Search code examples
amazon-web-servicesdockerelasticsearchamazon-ec2docker-swarm

AWS EC2 issue with Docker Swarm using dnsrr to setup an ElasticSearch cluster discovery


First of all, the issue is not specific to ElasticSearch, I think (so as not to discourage some potential answers).

I'm using a docker service with dnsrr (DNS round-robin) to allow for the discovery of every node in the cluster: they always try the hostname 'elastic' and (should) get different IPs.

This works perfectly fine when I create 3 VMs on my local machine, but I can't figure out why when I run it on 3 EC2 machines, the one configured as swarm leader only tries its own IP, while the two workers discover each other without issue.

I'm fairly new to AWS, so I guess it must be some kind of misconfiguration somewhere, but I can't figure out what to check.

Thanks in advance if you have any idea as to what may cause this, and even better if you come up with a solution!

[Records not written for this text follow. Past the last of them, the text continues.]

Lemma gap_xyE a (x := a * (a + 1)) : x != 0 -> ev x gap_xy = Lsum p a - Rsum p a.
Proof.
move=> x_nz; rewrite Lsum_legendre Rsum_legendre -/x.
have ev_poly n E : ev x (\poly_(k < n) E k) = \poly_(k < n) (E k).[x].
  by rewrite map_poly_poly // horner_evalE horner0.
have dS : (\poly_(k < p) legendre_coef x k)^`()
           = x *: \poly_(k < p.-1) (legendre_dcoef_poly k).[x].
  apply/polyP => k; rewrite coef_deriv coefZ !coef_poly -subn1 ltn_subRL add1n.
  by case: ifP => _; rewrite ?mul0rn ?mulr0 // horner_legendre_dcoef_poly mulr_natl.
rewrite !rmorphB !rmorphXn !rmorphM /= map_comp_poly !ev_poly.
have evX : ev x 'X = 'X := map_polyX _.
rewrite rmorphM !rmorphD !rmorph1 map_polyC /= horner_evalE hornerX.
do ?rewrite evX.
have evS : \poly_(k < p) (legendre_coef_poly k).[x] = \poly_(k < p) legendre_coef x k.
  by apply: eq_poly => k _; rewrite horner_legendre_coef_poly.
have evL : \poly_(k < p.-1) (legendre_coef_poly k * ('C(k.*2, k)%:R / k.+1%:R)%:P).[x]
         = \poly_(k < p.-1) (legendre_coef x k * 'C(k.*2, k)%:R / k.+1%:R).
  by apply: eq_poly => k _; rewrite hornerM hornerC horner_legendre_coef_poly mulrA.
rewrite evS evL dS exprZn -scalerAr scalerA expr2 mulKf // -mul_polyC.
by ring.
Qed.

Lemma horner_gap_xy_nat i n :
  (0 < n < p.-1)%N -> (gap_xy`_i).[n%:R * (n%:R + 1)] = 0.
Proof.
move=> n_range; have x_nz : n%:R * (n%:R + 1) != 0 :> rat.
  by rewrite natr1 -natrM pnatr_eq0 muln_eq0 negb_or -lt0n (andP n_range).1.
have := congr1 (coefp i) (gap_xyE x_nz).
by rewrite /= coef_map Lsum_Rsum_nat // subrr coef0.
Qed.

Hypothesis p_prime : prime p.

Lemma legendre_coef_poly_Zloc k :
  (k < p)%N -> legendre_coef_poly k \is a polyOver (Zloc p).
Proof.
move=> k_lt_p; rewrite polyOverZ ?rpred_prod // => [|i _]; last first.
  by rewrite polyOverXsubC rpred_nat.
by rewrite -exprVn rpredX ?Zloc_invfact.
Qed.

Lemma legendre_dcoef_poly_Zloc k :
  (k < p.-1)%N -> legendre_dcoef_poly k \is a polyOver (Zloc p).
Proof.
move=> k_lt; rewrite polyOverZ ?rpred_prod // => [|i _]; last first.
  by rewrite polyOverXsubC rpred_nat.
by rewrite rpredM ?rpred_nat // -exprVn rpredX ?Zloc_invfact //; lia.
Qed.

Lemma gap_xy_Zloc i : gap_xy`_i \is a polyOver (Zloc p).
Proof.
suff /polyOverP : gap_xy \is a polyOver (polyOver_pred (Zloc p)) by apply.
have ZZ : 'X * ('X + 1) \is a polyOver (polyOver_pred (Zloc p)).
  by rewrite rpredM ?rpredD ?polyOverX ?rpred1.
have ZL : \poly_(k < p.-1) (legendre_coef_poly k * ('C(k.*2, k)%:R / k.+1%:R)%:P)
            \is a polyOver (polyOver_pred (Zloc p)).
  apply: polyOver_poly => k k_lt; have p_gt0 := prime_gt0 p_prime.
  by rewrite rpredM ?legendre_coef_poly_Zloc ?polyOverC ?rpredM ?rpred_nat
       ?Zloc_invn //; lia.
have ZS : \poly_(k < p) legendre_coef_poly k \is a polyOver (polyOver_pred (Zloc p)).
  by apply: polyOver_poly => k; apply: legendre_coef_poly_Zloc.
have ZV : \poly_(k < p.-1) legendre_dcoef_poly k \is a polyOver (polyOver_pred (Zloc p)).
  by apply: polyOver_poly => k; apply: legendre_dcoef_poly_Zloc.
rewrite /gap_xy; apply: rpredB; first exact: polyOver_comp.
apply: rpredB; first exact: rpredX.
apply: rpredM; last exact: rpredX.
by apply: rpredM => //; rewrite polyOverC polyOverX.
Qed.

End BivariateGap.

Theorem theorem2p1 (p : nat) (a : rat) :
  prime p -> odd p -> pint p a ->
  ~ congr_mod p 1 a 0 -> ~ congr_mod p 1 a (-1) ->
  let S := \sum_(0 <= k < p) (binq a k * binq (-1 - a) k) *: (- 'X) ^+ k in
  let T := \sum_(0 <= k < p) (binq a k * binq (-1 - a) k * k%:R) *: (- 'X) ^+ k in
  pcongr_mod p 2
    (\sum_(0 <= k < p.-1)
        (binq a k * binq (-1 - a) k * ('C(k.*2, k))%:R / (k.+1)%:R)
          *: (- ('X * ('X + 1))) ^+ k)
    (S ^+ 2 - (a * (a + 1))^-1 *: (('X + 1) * (T ^+ 2 %/ 'X))).
Proof.
move=> p_prime _ a_int a0 a1 S T i.
have x_nz := nondeg_mul_addr1_neq0 p_prime a0 a1.
have [r r_range [s Zs Da]] := Zloc_decomp_nondeg p_prime a_int a0 a1.
set P := (gap_xy p)`_i \Po ('X * ('X + 1)).
have ZP : P \is a polyOver (Zloc p).
  by rewrite polyOver_comp ?gap_xy_Zloc // rpredM ?rpredD ?polyOverX ?rpred1.
have horner_P y : P.[y] = ((gap_xy p)`_i).[y * (y + 1)].
  by rewrite horner_comp hornerM hornerD hornerX hornerC.
have P_r : P.[r%:R] = 0 by rewrite horner_P horner_gap_xy_nat.
(* [y |-> -1 - y] fixes [y (y + 1)] and maps [r - p] to [p - 1 - r]. *)
have P_rp : P.[r%:R - p%:R] = 0.
  have -> : r%:R - p%:R = -1 - (p.-1 - r)%:R :> rat.
    by rewrite -subn1 !natrB ?prime_gt0 //; [ring | lia].
  rewrite horner_P (_ : (-1 - _) * _ = (p.-1 - r)%:R * ((p.-1 - r)%:R + 1)).
    by rewrite horner_gap_xy_nat //; lia.
  by ring.
rewrite /congr_mod -coefB -[_ - _]/(Lsum p a - Rsum p a) -(gap_xyE p x_nz).
rewrite coef_map /= horner_evalE -horner_P -(ZlocE p_prime) natrX.
have := horner_interp_Zloc p_prime ZP (rpred_nat _ r) Zs.
by rewrite P_r P_rp -Da !mulr0 subr0 addr0.
Qed.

The docker compose file as use is as below, simplified to the max to isolate the problem.

version: "3.3"

services:

  elastic:
    image: docker.elastic.co/elasticsearch/elasticsearch:5.5.2
    environment:
    - ES_JAVA_OPTS=-Xms1g -Xmx1g
    - discovery.zen.ping.unicast.hosts=elastic
    - discovery.zen.minimum_master_nodes=2
    volumes:
    - elastic_data:/usr/share/elasticsearch/data
    networks:
    - overnet
    logging:
      driver: "json-file"
      options: 
        max-size: "20m"
        max-file: "10"
    deploy:
      mode: global
      endpoint_mode: dnsrr

networks:
  overnet:
    driver: overlay
    driver_opts:
      encrypted: "true"

volumes:
    elastic_data:
      external: true

Solution

  • Try re-creating without encryption enabled to see if that works.

    Also be sure you have a Security group between the three nodes with all the proper ports open between them.